Aledaño a la Cartuja se encuentra el palacio de Rey Sancho, mucho más sencillo.
Pero a mi lo que siempre me ha encantado de Valldemossa es pasear por sus calles y alrededores, alejándome de la cartuja y sus cientos de turistas.
Las casas de Valldemossa son las típicas de la isla, de piedra de marés, y ventanas mallorquinas. Muchas de ellas decoradas con piedrecitas intercaladas en la fachada, y junto a la puerta lucen siempre una azulejo decorado con escenas de la vida de Santa Catalina Thomás, la patrona, a veces iluminado por un pequeño farol.
Las calles están adoquinadas como antiguamente, y llenas de macetas tanto apoyadas en el suelo como colgadas en las fachadas de las casas. La circulación de vehículos en toda la parte antigua está restringida a los vecinos, y por la mayoría de las calles no caben los coches, por lo que la paz está asegurada. En cuanto nos alejamos de la multitud, enseguida se respira la tranquilidad de los pueblos de la Sierra, y es fácil despejarse de cualquier estrés diario que hayas traído contigo.
Realmente es un pueblo con encanto, que ha sabido conservar el estilo y el sabor de los lugares de hace siglos. Algunas de las casas mantienen en su fachada en año de su construcción, y en una de ellas se lee orgullosamente el año de 1698. También existe alguna fachada antigua rematada con símbolos masónicos, señal de que este pueblo lleva siglos siendo el retiro de artistas e ilustrados.

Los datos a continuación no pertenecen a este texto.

(* Let $D\in(0,1]$ and define $\mathcal F_{\bm B}:=\{r_2\in[\underline x,\bar x]:(\bm R\bm c^m)^\top G_{\bm B}(r_2)\le D\}$, $\mathcal F_{\bm A}:=\{(r_1,r_3,p)\in F:(\bm R\bm c^m)^\top G_{\bm A}(r_1,r_3,p)\le D\}$, $\mathcal F_{\bm B}^{=}:=\{r_2\in[\underline x,\bar x]:(\bm R\bm c^m)^\top G_{\bm B}(r_2)=D\}$ and $\mathcal F_{\bm A}^{=}:=\{(r_1,r_3,p)\in F:(\bm R\bm c^m)^\top G_{\bm A}(r_1,r_3,p)=D\}$. Then $$\max_{r_2\in\mathcal F_{\bm B}}(\bm R\bm v_1^m)^\top G_{\bm B}(r_2)=\max_{r_2\in\mathcal F_{\bm B}^{=}}(\bm R\bm v_1^m)^\top G_{\bm B}(r_2),\qquad \max_{(r_1,r_3,p)\in\mathcal F_{\bm A}}(\bm R\bm v_2^m)^\top G_{\bm A}(r_1,r_3,p)=\max_{(r_1,r_3,p)\in\mathcal F_{\bm A}^{=}}(\bm R\bm v_2^m)^\top G_{\bm A}(r_1,r_3,p).$$
   Context: Let $N\ge3$ be an integer and $\underline x=x_1<x_2<\cdots<x_N=\bar x$ real numbers; $\bm e$ denotes the all-ones vector of the appropriate dimension. Define $\bm g:[\underline x,\bar x]\to\mathbb R^{N-1}$ by $\bm g(x_1)=\bm 0$ and, for $x\in(x_i,x_{i+1}]$ ($i\in\{1,\dots,N-1\}$), $\bm g(x)=(1,\dots,1,\frac{x-x_i}{x_{i+1}-x_i},0,\dots,0)$ with the first $i-1$ entries equal to $1$, the $i$-th entry $\frac{x-x_i}{x_{i+1}-x_i}$ and the last $N-1-i$ entries $0$. For $\bm v\in\mathbb R^{N-2}$ let $\bm R\bm v:=(v_1,\dots,v_{N-2},1-\bm e^\top\bm v)\in\mathbb R^{N-1}$. Define $G_{\bm A}(r_1,r_3,p):=(1-p)\bm g(r_1)+p\,\bm g(r_3)$, $G_{\bm B}(r_2):=\bm g(r_2)$, and $F:=\{(r_1,r_3,p)\in[\underline x,\bar x]\times[\underline x,\bar x]\times[0,1]: r_1\le r_3\}$. Fix $m\ge1$ and data $(r_1^k,r_3^k,p^k)\in F$, $r_2^k\in[\underline x,\bar x]$, $l_k\in\{-1,1\}$ for $k=1,\dots,m-1$. Let $\mathcal V^{m-1}:=\{\bm v\in\mathbb R^{N-2}: v_i\ge0\ (i=1,\dots,N-2),\ \bm e^\top\bm v\le1,\ l_k(\bm R\bm v)^\top(G_{\bm A}(r_1^k,r_3^k,p^k)-G_{\bm B}(r_2^k))\le0\ (k=1,\dots,m-1)\}$, assumed to have nonempty interior; write its defining inequalities as $\tilde{\bm a}_i^\top\bm v\le\tilde b_i$. Let $\bm c^m$ be its analytic center, i.e. the maximizer over the interior of $\mathcal V^{m-1}$ of $\sum_i\log(\tilde b_i-\tilde{\bm a}_i^\top\bm v)$; in particular $c^m_i>0$ for all $i$ and $1-\bm e^\top\bm c^m>0$. Let $\bm H:=\sum_i\tilde{\bm a}_i\tilde{\bm a}_i^\top/(\tilde b_i-\tilde{\bm a}_i^\top\bm c^m)^2$ (Sonnevend's inner ellipsoid is $\{\bm v:(\bm v-\bm c^m)^\top\bm H(\bm v-\bm c^m)\le1\}$), and let $\bm v_1^m,\bm v_2^m\in\mathcal V^{m-1}$ be the two points (in some fixed order) where the line through $\bm c^m$ in the direction of the longest axis of this ellipsoid meets the boundary of $\mathcal V^{m-1}$. *)

From HB Require Import structures.
From mathcomp Require Import all_boot all_order all_algebra.
From mathcomp Require Import all_classical all_reals all_analysis.
Set Implicit Arguments. Unset Strict Implicit. Unset Printing Implicit Defensive.
Import Order.TTheory GRing.Theory Num.Theory.
Local Open Scope ring_scope.

Section Defs.
Variables (R : realType) (N : nat).
(* grid points: x 0 < x 1 < ... < x (N-1)  (0-based; the paper's x_1,...,x_N);
   values of x at indices >= N are irrelevant *)
Variable x : nat -> R.

Definition xlow : R := x 0.
Definition xup : R := x N.-1.

Definition dotc k (u w : 'cV[R]_k) : R := \sum_i u i 0 * w i 0.

(* (0-based) component j of g(t): it is 0 if t <= x_j, 1 if t >= x_{j+1},
   and (t - x_j)/(x_{j+1} - x_j) in between.  On [x_1, x_N] this is exactly the
   paper's piecewise definition of g. *)
Definition gcomp (t : R) (j : nat) : R :=
  if t <= x j then 0
  else if x j.+1 <= t then 1
  else (t - x j) / (x j.+1 - x j).

Definition gvec (t : R) : 'cV[R]_(N.-1) := \col_(j < N.-1) gcomp t j.

(* R v = (v_1, ..., v_{N-2}, 1 - e^T v) *)
Definition Rmap (v : 'cV[R]_(N.-2)) : 'cV[R]_(N.-1) :=
  \col_(i < N.-1)
    (if (insub (val i) : option 'I_(N.-2)) is Some j then v j 0
     else 1 - \sum_j v j 0).

Definition GA (r1 r3 p : R) : 'cV[R]_(N.-1) := (1 - p) *: gvec r1 + p *: gvec r3.
Definition GB (r2 : R) : 'cV[R]_(N.-1) := gvec r2.

Definition inF (r1 r3 p : R) : Prop :=
  [/\ xlow <= r1 <= xup, xlow <= r3 <= xup, 0 <= p <= 1 & r1 <= r3].

Variable m : nat.
(* data (r_1^k, r_3^k, p^k), r_2^k, l_k for k = 1..m-1 (0-based index k : 'I_(m-1)) *)
Variables (r1d r3d pd r2d ld : 'I_(m.-1) -> R).

Definition wk (k : 'I_(m.-1)) : 'cV[R]_(N.-1) :=
  GA (r1d k) (r3d k) (pd k) - GB (r2d k).

Definition inV (v : 'cV[R]_(N.-2)) : Prop :=
  [/\ forall i, 0 <= v i 0,
      \sum_i v i 0 <= 1
    & forall k, ld k * dotc (Rmap v) (wk k) <= 0].

(* The defining inequalities  a_i^T v <= b_i  of V^{m-1}, as pairs (a_i, b_i):
   -v_i <= 0 ;  e^T v <= 1 ;  l_k (R v)^T w_k <= 0 written in affine form using
   (R v)^T w = (R 0)^T w + sum_j v_j ((R e_j)^T w - (R 0)^T w). *)
Definition aK (k : 'I_(m.-1)) : 'cV[R]_(N.-2) :=
  \col_(j < N.-2) (ld k * (dotc (Rmap (delta_mx j 0)) (wk k) - dotc (Rmap 0) (wk k))).
Definition bK (k : 'I_(m.-1)) : R := - (ld k * dotc (Rmap 0) (wk k)).

Definition constraints : seq ('cV[R]_(N.-2) * R) :=
  [seq (- (delta_mx i 0 : 'cV[R]_(N.-2)), 0) | i <- enum 'I_(N.-2)]
  ++ [:: (const_mx 1, 1)]
  ++ [seq (aK k, bK k) | k <- enum 'I_(m.-1)].

Definition slack (ab : 'cV[R]_(N.-2) * R) (v : 'cV[R]_(N.-2)) : R :=
  ab.2 - dotc ab.1 v.

Definition strictV (v : 'cV[R]_(N.-2)) : Prop :=
  forall ab, ab \in constraints -> 0 < slack ab v.

Definition logbarrier (v : 'cV[R]_(N.-2)) : R :=
  \sum_(ab <- constraints) ln (slack ab v).

Definition analytic_center (c : 'cV[R]_(N.-2)) : Prop :=
  strictV c /\ forall v, strictV v -> logbarrier v <= logbarrier c.

Definition Hmat (c : 'cV[R]_(N.-2)) : 'M[R]_(N.-2) :=
  \sum_(ab <- constraints) ((slack ab c) ^- 2) *: (ab.1 *m ab.1^T).

Definition in_ellipsoid (c v : 'cV[R]_(N.-2)) : Prop :=
  ((v - c)^T *m Hmat c *m (v - c)) 0 0 <= 1.

(* d (nonzero) is a direction of the longest axis of the ellipsoid: the line through
   the center in direction d contains a point of the ellipsoid at maximal distance
   from the center (an endpoint of the longest axis). *)
Definition longest_axis_dir (c d : 'cV[R]_(N.-2)) : Prop :=
  d != 0 /\
  exists t : R, in_ellipsoid c (c + t *: d) /\
    forall q, in_ellipsoid c q -> dotc (q - c) (q - c) <= dotc (t *: d) (t *: d).

Definition boundaryV (v : 'cV[R]_(N.-2)) : Prop :=
  inV v /\ forall e : R, 0 < e -> exists w, dotc (w - v) (w - v) < e /\ ~ inV w.

Definition on_line (c d v : 'cV[R]_(N.-2)) : Prop := exists t : R, v = c + t *: d.

Definition is_max (T : Type) (S : T -> Prop) (f : T -> R) (M : R) : Prop :=
  (exists y, S y /\ f y = M) /\ forall y, S y -> f y <= M.

End Defs.

From HB Require Import structures.
From mathcomp Require Import all_boot all_order all_algebra.
From mathcomp Require Import all_classical all_reals all_analysis.
Import Order.TTheory GRing.Theory Num.Theory numFieldNormedType.Exports.
Set Implicit Arguments. Unset Strict Implicit. Unset Printing Implicit Defensive.
Local Open Scope ring_scope.

(* Of v1 and v2 only their membership in V is used: it makes R v1 and R v2
   probability vectors, so that t |-> (R v)^T g(t) is continuous, nondecreasing,
   0 at the left end of the grid and 1 at the right end; (R c)^T g has the same
   end values.  A maximiser of the objective over the compact set where the
   constraint is <= D can therefore be pushed, by the intermediate value
   theorem, onto the level set {constraint = D} without decreasing the
   objective: for option B by increasing r2, for a lottery (r1, r3, p) by
   increasing r3, or, if even r3 = xup stays below D, by setting r3 = xup and
   increasing r1. *)

Section Maxima.
Variables (R : realType) (T : Type).

Lemma eq_is_max (S S' : T -> Prop) (f f' : T -> R) M :
  (forall y, S y <-> S' y) -> f =1 f' -> is_max S f M -> is_max S' f' M.
Proof.
move=> SS' ff' [[y [/SS' Sy fy]] ymax]; split=> [|z /SS' /ymax]; last by rewrite ff'.
by exists y; rewrite -ff'.
Qed.

Lemma is_max_dominating_subset (S E : T -> Prop) (f : T -> R) M :
  (forall y, E y -> S y) -> (forall y, S y -> exists2 z, E z & f y <= f z) ->
  is_max S f M -> is_max E f M.
Proof.
move=> ES SE [[y [Sy <-]] ymax]; have [z Ez yz] := SE y Sy.
split=> [|w /ES/ymax //]; exists z; split=> //.
by apply/eqP; rewrite eq_le yz andbT; apply/ymax/ES.
Qed.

Y siguiendo con nuestra ruta por el pueblo, encontraremos la iglesia de San Bartolomé, originaria del siglo XIII aunque hoy en día lo que de verdad se aprecia es la reforma del siglo XVIII. No tiene gran cosa que ver en su interior, pero la silueta de esta iglesia, con su campanario también de estilo mallorquín es el que configura el perfil típico de Valldemossa, la imagen preciosa de la llegada desde Palma.
Otra cuestión indispensable: buscar una confitería y comprarse unas "cocas de patata". Son unos bollitos espolvoreados de azúcar, que están absolutamente deliciosos, para chuparse los dedos. Vale que la ensaimada mallorquina tiene toda la fama y realmente están buenas, pero el manjar divino de esta tierra en realidad son las cocas de patata de Valldemossa. Es tradición que el buen turista culmine la visita en una de las terrazas o cafeterías del lugar, degustando una taza de chocolate y unas cocas, pero no está de más que busquéis una confitería y os llevéis unas cuantas.
Espero que lo disfrutéis en alguna ocasión. Y se me olvidaba...cualquier época del año es buena para disfrutar de Valldemossa.